Your objective: Look through the data below for the line with "rewrite (take_nth false" and the line with "rewrite suffix0s andbT", then output those two and all lines in between, exactly as written.

Available data section start

Lemma trailing_heads_lt k w :
  ~~ infix (nseq k true) w -> (trailing_heads w < k)%N.
Proof.
by apply: contraR; rewrite -leqNgt -suffix_nseq_true; exact: suffixW.
Qed.

Section HeadsTails.
Variables k l : nat.
Hypotheses (k_gt0 : (0 < k)%N) (l_gt0 : (0 < l)%N).
Let S := nseq k true ++ nseq l false.

Lemma size_heads_tails : size S = (k + l)%N.
Proof. by rewrite size_cat !size_nseq. Qed.

Lemma count_take_heads_tails j : count id (take j S) = minn j k.
Proof.
rewrite take_cat size_nseq; case: ltnP => [j_lt | k_le].
  by rewrite take_nseq ?count_nseq /= ?mul1n //; lia.
have no_heads i : count id (take i (nseq l false)) = 0%N.
  by elim: l i => [|l' IH] [|i] //=; exact: IH.
by rewrite count_cat count_nseq no_heads; lia.
Qed.

Lemma count_drop_heads_tails j : count id (drop j S) = (k - j)%N.
Proof.
rewrite drop_cat size_nseq; case: ltnP => [j_lt | k_le].
  by rewrite drop_nseq count_cat !count_nseq /= mul1n mul0n addn0.
by rewrite drop_nseq count_nseq; lia.
Qed.

(* A proper prefix of S has more heads than the suffix of S of the same length. *)
Lemma heads_tails_no_border w j : (0 < j < k + l)%N -> ~~ suffix S (w ++ take j S).
Proof.
move=> /andP[j_gt0 j_lt]; apply/negP => /suffixP[s w_S].
have j_le : (j <= size S)%N by rewrite size_heads_tails ltnW.
have sizes : (size w + j = size (s : seq bool) + (k + l))%N.
  by rewrite -size_heads_tails -[in LHS](size_takel j_le) -!size_cat w_S.
have := drop_size_cat (take j S) (erefl (size w)).
rewrite w_S drop_cat ifN -?leqNgt; last by lia.
rewrite (_ : size w - size (s : seq bool) = k + l - j)%N; last by lia.
by move=> /(congr1 (count id)); rewrite count_take_heads_tails count_drop_heads_tails; lia.
Qed.

Lemma infix_cat_take_heads_tails w j :
  (j < k + l)%N -> infix S (w ++ take j S) = infix S w.
Proof.
elim: j => [|j IH] j_lt; first by rewrite take0 cats0.
have j_lt_size : (j < size S)%N by rewrite size_heads_tails; lia.
rewrite (take_nth false j_lt_size) -rcons_cat infix_rconsl rcons_cat -take_nth //.
by rewrite (negbTE (heads_tails_no_border _ _)) ?IH //; lia.
Qed.

Lemma first_occ_at_heads_tails w v :
  size v = (k + l)%N -> first_occ_at S (w ++ v) = (v == S) && ~~ infix S w.
Proof.
move=> size_v; rewrite /first_occ_at -[S in suffix S _]cat0s suffix_catl ?size_heads_tails //.
rewrite suffix0s andbT eq_sym; have [-> /= | //] := eqVneq v S.
rewrite size_cat size_heads_tails -subn1 -addnBA ?addn_gt0 ?k_gt0 //.
by rewrite take_cat ltnNge leq_addr /= addKn infix_cat_take_heads_tails //; lia.
Qed.

End HeadsTails.

(** * Waiting times for H^k and H^k T^l *)

Section WaitingTime.
Variables (R : realType) (p : R).

Lemma word_prob_cat w v : word_prob p (w ++ v) = word_prob p w * word_prob p v.
Proof. by rewrite /word_prob big_cat. Qed.

Lemma word_prob_rcons w b :
  word_prob p (rcons w b) = word_prob p w * (if b then p else 1 - p).
Proof. by rewrite -cats1 word_prob_cat /word_prob big_seq1. Qed.

Lemma word_prob_nseq b n : word_prob p (nseq n b) = (if b then p else 1 - p) ^+ n.
Proof.
elim: n => [|n IH]; first by rewrite /word_prob big_nil.
by rewrite /= -cat1s word_prob_cat IH /word_prob big_seq1 exprS.
Qed.

Lemma word_prob_ge0 w : 0 <= p -> p <= 1 -> 0 <= word_prob p w.
Proof. by move=> p_ge0 p_le1; apply: prodr_ge0 => -[] _; rewrite ?subr_ge0. Qed.

(* The tail P(Y > m) of the waiting time for S. *)
Definition avoid_prob (S : seq bool) (m : nat) : R :=
  \sum_(w : m.-tuple bool | ~~ infix S w) word_prob p w.

Lemma avoid_prob_ge0 S m : 0 <= p -> p <= 1 -> 0 <= avoid_prob S m.
Proof. by move=> p_ge0 p_le1; apply: sumr_ge0 => w _; exact: word_prob_ge0. Qed.

Lemma waiting_pmf_ge0 S m : 0 <= p -> p <= 1 -> 0 <= waiting_pmf p S m.
Proof. by move=> p_ge0 p_le1; apply: sumr_ge0 => w _; exact: word_prob_ge0. Qed.

Lemma avoid_prob0 S : S != [::] -> avoid_prob S 0 = 1.
Proof.
move=> S_nil; rewrite /avoid_prob big_mkcond.
rewrite (sum_tuple0 (fun w => if ~~ infix S w then word_prob p w else 0)) /=.
by rewrite S_nil /word_prob big_nil.
Qed.

Lemma waiting_pmf_lt_size S m : (m < size S)%N -> waiting_pmf p S m = 0.
Proof.
move=> m_lt; rewrite /waiting_pmf big1 // => w /andP[/size_suffix].
by rewrite size_tuple leqNgt m_lt.
Qed.

Lemma first_occ_at_rcons S w b :
  first_occ_at S (rcons w b) = suffix S (rcons w b) && ~~ infix S w.
Proof. by rewrite /first_occ_at size_rcons -cats1 take_size_cat. Qed.

Lemma avoid_probS S m : avoid_prob S m = avoid_prob S m.+1 + waiting_pmf p S m.+1.
Proof.
rewrite /avoid_prob /waiting_pmf big_mkcond [in RHS]big_mkcond [X in _ = _ + X]big_mkcond.
rewrite -big_split /= (sum_tuple_rcons m (fun w =>
  (if ~~ infix S w then word_prob p w else 0) +
  (if first_occ_at S w then word_prob p w else 0))) /=.
apply: eq_bigr => w _.
rewrite big_bool /= !first_occ_at_rcons !infix_rconsl !word_prob_rcons.
case: (infix S w); case: (suffix S (rcons w true)); case: (suffix S (rcons w false));
  by rewrite /= ?addr0 ?add0r // -mulrDr addrC subrK mulr1.
Qed.

Section HeadsRun.
Variable k : nat.
Hypothesis k_gt0 : (0 < k)%N.
Let S := nseq k true.

Definition avoid_run_prob (m r : nat) : R :=
  \sum_(w : m.-tuple bool | ~~ infix S w && (trailing_heads w == r)) word_prob p w.

Lemma waiting_pmf_heads_rcons m : waiting_pmf p S m.+1 = p * avoid_run_prob m k.-1.
Proof.
rewrite /waiting_pmf /avoid_run_prob mulr_sumr big_mkcond [RHS]big_mkcond.
rewrite (sum_tuple_rcons m (fun w => if first_occ_at S w then word_prob p w else 0)).
apply: eq_bigr => w _; rewrite big_bool /= !first_occ_at_rcons !suffix_nseq_true.
rewrite !trailing_heads_rcons !word_prob_rcons [(k <= 0)%N]leqNgt k_gt0 /= addr0 mulrC.
have [w_S | w_S] /= := boolP (infix S w); first by rewrite andbF.
move: (trailing_heads_lt w_S); rewrite andbT; move: (trailing_heads w) => t t_lt.
by rewrite (_ : (k <= t.+1)%N = (t == k.-1)) // -subn1; apply/idP/eqP; lia.
Qed.

Lemma avoid_run_probS m r : (r.+1 < k)%N ->
  avoid_run_prob m.+1 r.+1 = p * avoid_run_prob m r.
Proof.
move=> r_lt; rewrite /avoid_run_prob mulr_sumr big_mkcond [RHS]big_mkcond.
rewrite (sum_tuple_rcons m (fun w =>
  if ~~ infix S w && (trailing_heads w == r.+1) then word_prob p w else 0)).
apply: eq_bigr => w _; rewrite big_bool /= !infix_rconsl !suffix_nseq_true.
rewrite !trailing_heads_rcons !word_prob_rcons /= andbF addr0 eqSS.
have [-> | _] /= := eqVneq (trailing_heads w) r; last by rewrite !andbF.
by rewrite leqNgt r_lt /= !andbT mulrC.
Qed.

Available data section end

Exercise solution:
rewrite (take_nth false j_lt_size) -rcons_cat infix_rconsl rcons_cat -take_nth //.
by rewrite (negbTE (heads_tails_no_border _ _)) ?IH //; lia.
Qed.

Lemma first_occ_at_heads_tails w v :
  size v = (k + l)%N -> first_occ_at S (w ++ v) = (v == S) && ~~ infix S w.
Proof.
move=> size_v; rewrite /first_occ_at -[S in suffix S _]cat0s suffix_catl ?size_heads_tails //.
rewrite suffix0s andbT eq_sym; have [-> /= | //] := eqVneq v S.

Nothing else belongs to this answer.